Description
Netty4HttpServerTransport
uses the settings http.netty.receive_predictor_min
and http.netty.receive_predictor_max
to provide a properly configured RecvByteBufAllocator
implementation to Netty. Their default value is controlled by the setting transport.netty.receive_predictor_size
which varies between 64 kb and 512 kb (per allocated buffer).
The before-mentioned allocator is responsible for allocating memory buffers when handling incoming network packets and Netty will allocate one buffer per network packet.
We have run comparative benchmarks (nyc_taxis) track, once locally (i.e. via loopback) and once distributed (i.e. via a Ethernet) and analyzed the allocation behavior of Elasticsearch.

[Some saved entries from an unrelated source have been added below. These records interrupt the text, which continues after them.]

(* The identity F(y) |-> F(y) embeds the future cover into the follower set
   graph. It is well defined because in a sofic shift F(y) = F(y_{[-N,-1]}) for
   N large: the vertices of a presentation at which a path reading y_{[-n,-1]}
   can end form a decreasing family of subsets of a finite set. In the follower
   set graph the follower set of the vertex F(w) is F(w) itself, and since a
   sofic shift is compact (Koenig's lemma on the finite edge set) the label of
   every bi-infinite path lies in Y; hence the regular vertices are exactly the
   sets F(y), the point y itself labelling a path that ends at F(y). The edge
   labelled a out of F(y) goes to {z | a z in F(y)}, which is F of the shift of
   the point y_{(-oo,-1]} a z0, so it comes from the future cover. *)

From Stdlib Require Import ZArith Lia Classical IndefiniteDescription ProofIrrelevance.
From Stdlib Require Import FunctionalExtensionality PropExtensionality.
From mathcomp Require Import ssreflect ssrfun ssrbool eqtype ssrnat seq fintype.
From mathcomp Require Import zify.

Set Implicit Arguments.
Unset Strict Implicit.
Unset Printing Implicit Defensive.

Lemma sval_inj (T : Type) (P : T -> Prop) : injective (@sval T P).
Proof. exact: eq_sig_hprop (fun x => @proof_irrelevance (P x)). Qed.

Section AntitoneFamilies.
Variables (T : finType) (P : nat -> T -> Prop).
Hypothesis P_antitone : forall m n v, m <= n -> P n v -> P m v.

Lemma fin_antitone_stable : exists N, forall v, P N v -> forall n, P n v.
Proof.
suff [N HN] : exists N, forall v, v \in enum T -> P N v -> forall n, P n v.
  by exists N => v; apply: HN; rewrite mem_enum.
elim: (enum T) => [|v vs [N HN]]; first by exists 0.
have [Pv | /not_all_ex_not [n0 Pn0v]] := classic (forall n, P n v).
  by exists N => u; rewrite inE => /predU1P [-> //|]; apply: HN.
exists (maxn N n0) => u; rewrite inE => /predU1P [-> Pv | vs_u Pu].
  by case: Pn0v; apply: P_antitone Pv; apply: leq_maxr.
by apply: HN => //; apply: P_antitone Pu; apply: leq_maxl.
Qed.

Lemma fin_antitone_meet : (forall n, exists v, P n v) -> exists v, forall n, P n v.
Proof.
have [N HN] := fin_antitone_stable.
by move=> /(_ N) [v Pv]; exists v; apply: HN.
Qed.

End AntitoneFamilies.

Lemma dependent_choice (T : Type) (Q : nat -> T -> Prop) (S : nat -> T -> T -> Prop) x0 :
  Q 0 x0 -> (forall n x, Q n x -> exists y, Q n.+1 y /\ S n x y) ->
  exists g : nat -> T, g 0 = x0 /\ forall n, Q n (g n) /\ S n (g n) (g n.+1).
Proof.
move=> Q0 step.
have next n (x : {x | Q n x}) : {y : {y | Q n.+1 y} | S n (sval x) (sval y)}.
  apply: constructive_indefinite_description.
  have [y [Qy Sxy]] := step n _ (svalP x); by exists (exist _ y Qy).
pose g := fix g n : {x | Q n x} :=
  match n return {x | Q n x} with 0 => exist _ x0 Q0 | n.+1 => sval (next n (g n)) end.
exists (fun n => sval (g n)); split=> // n.
by split; [apply: svalP | apply: (svalP (next n (g n)))].
Qed.

Section KonigZ.
Variables (T : finType) (R : Z -> T -> T -> Prop) (P : Z -> T -> Prop).

Definition window_solution (n : nat) (q : Z -> T) :=
  (forall j, (- Z.of_nat n <= j < Z.of_nat n)%Z -> R j (q j) (q (j + 1)%Z)) /\
  (forall j, (- Z.of_nat n <= j <= Z.of_nat n)%Z -> P j (q j)).

Hypothesis windows_solvable : forall n, exists q, window_solution n q.

Lemma window_solution_le m n q : m <= n -> window_solution n q -> window_solution m q.
Proof. by move=> le_mn [qR qP]; split=> j hj; [apply: qR | apply: qP]; lia. Qed.

Definition extendable (i : Z) (e : T) :=
  forall n, exists2 q, window_solution n q & q i = e.

Lemma extendable_exists i : exists e, extendable i e.
Proof.
apply: fin_antitone_meet => [m n e le_mn [q hq qi] | n].
  by exists q => //; apply: window_solution_le le_mn hq.
by have [q hq] := windows_solvable n; exists (q i); exists q.
Qed.

Lemma extendable_pointwise i e : extendable i e -> P i e.
Proof. by case/(_ (Z.abs_nat i)) => q [_ qP] <-; apply: qP; lia. Qed.

Lemma extendable_pair i e k : extendable i e ->
  exists e', forall n, exists q, [/\ window_solution n q, q i = e & q k = e'].
Proof.
move=> ext_e; apply: fin_antitone_meet => [m n e' le_mn [q [hq qi qk]] | n].
  by exists q; split=> //; apply: window_solution_le le_mn hq.
by have [q hq qi] := ext_e n; exists (q k), q.
Qed.

Lemma extendable_succ i e :
  extendable i e -> exists e', extendable (i + 1) e' /\ R i e e'.
Proof.
move=> /(extendable_pair (i + 1)) [e' He']; exists e'; split.
  by move=> n; have [q [hq _ qk]] := He' n; exists q.
have [q [[qR _] <- <-]] := He' (Z.abs_nat i + 1); apply: qR; lia.
Qed.

Lemma extendable_pred i e :
  extendable i e -> exists e', extendable (i - 1) e' /\ R (i - 1) e' e.
Proof.
move=> /(extendable_pair (i - 1)) [e' He']; exists e'; split.
  by move=> n; have [q [hq _ qk]] := He' n; exists q.
have [q [[qR _] <- <-]] := He' (Z.abs_nat i + 1).
by rewrite -{3}(Z.sub_add 1 i); apply: qR; lia.
Qed.

Theorem konig_Z :
  exists q : Z -> T, (forall j, R j (q j) (q (j + 1)%Z)) /\ (forall j, P j (q j)).
Proof.
have [e0 ext0] := extendable_exists 0.
have [|g [g0 hg]] := @dependent_choice _ (fun n => extendable (Z.of_nat n))
    (fun n e e' => R (Z.of_nat n) e e') e0 ext0.
  by move=> n e /extendable_succ; rewrite Nat2Z.inj_succ.
have [|h [h0 hh]] := @dependent_choice _ (fun n => extendable (- Z.of_nat n))
    (fun n e e' => R (- Z.of_nat n.+1) e' e) e0 ext0.
  by move=> n e /extendable_pred; rewrite Nat2Z.inj_succ Z.opp_succ -Z.sub_1_r.
pose q j := if (j <? 0)%Z then h (Z.to_nat (- j)) else g (Z.to_nat j).
have qP n : q (Z.of_nat n) = g n.
  by rewrite /q; case: Z.ltb_spec => ?; [lia | rewrite Nat2Z.id].
have qN n : q (- Z.of_nat n)%Z = h n.
  rewrite /q; case: Z.ltb_spec => ?; first by rewrite Z.opp_involutive Nat2Z.id.
  have -> : n = 0 by lia.
  by rewrite /= g0 h0.
have Zcases j : (exists n, j = Z.of_nat n) \/ (exists n, j = - Z.of_nat n.+1)%Z.
  case: (Z.le_gt_cases 0 j) => hj.
    by left; exists (Z.to_nat j); lia.
  by right; exists (Z.to_nat (- j - 1)); lia.
have ext_q j : extendable j (q j).
  by case: (Zcases j) => -[n ->]; rewrite ?qP ?qN; [case: (hg n) | case: (hh n.+1)].
exists q; split=> j; last exact: extendable_pointwise (ext_q j).
case: (Zcases j) => -[n ->].
  by rewrite (_ : Z.of_nat n + 1 = Z.of_nat n.+1)%Z ?qP; [case: (hg n) | lia].
by rewrite (_ : - Z.of_nat n.+1 + 1 = - Z.of_nat n)%Z ?qN; [case: (hh n) | lia].
Qed.

End KonigZ.

Section Sequences.
Variable A : finType.
Implicit Types (w : seq A) (z : rseq A) (y : biseq A) (a : A).

Lemma catw_nil z : catw [::] z = z.
Proof. by apply: functional_extensionality => n; rewrite /catw /= subn0. Qed.

Lemma catw_rcons w a z : catw (rcons w a) z = catw w (consr a z).
Proof.
apply: functional_extensionality => n; rewrite /catw size_rcons nth_rcons.
case: (ltngtP n (size w)) => h.
- by rewrite ltnS ltnW //; apply: set_nth_default.
- by rewrite ltnS leqNgt h /= (_ : n - size w = (n - (size w).+1).+1) //; lia.
- by rewrite h ltnSn subnn.
Qed.

Lemma catw_drop w z : (fun n => catw w z (n + size w)) = z.
Proof. by apply: functional_extensionality => n; rewrite /catw ltnNge leq_addl /= addnK. Qed.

Network Connection Type | Bytes allocated outside of TLABs on network layer |
---|---|
Loopback | ~ 78 GB |
Ethernet | ~ 2.13 TB |
Note: On this particular machine transport.netty.receive_predictor_size
was 512kb.
The root cause seems to be related to MTU (which differs greatly between loopback and regular network devices (65536 vs. 1500)). A smaller MTU leads to more network packets (but the buffer size stays the same) thus leading to more GC pressure.
In a custom build of Elasticsearch we set http.netty.receive_predictor_min
to 5kb and http.netty.receive_predictor_max
to 64kb and got comparable allocation behavior between local and distributed benchmarks.
Note: Our analysis focused only Netty4HttpServerTransport
for a single Elasticsearch node. It is expected that Netty4Transport
exhibits similar behavior and we should change the buffer size there too.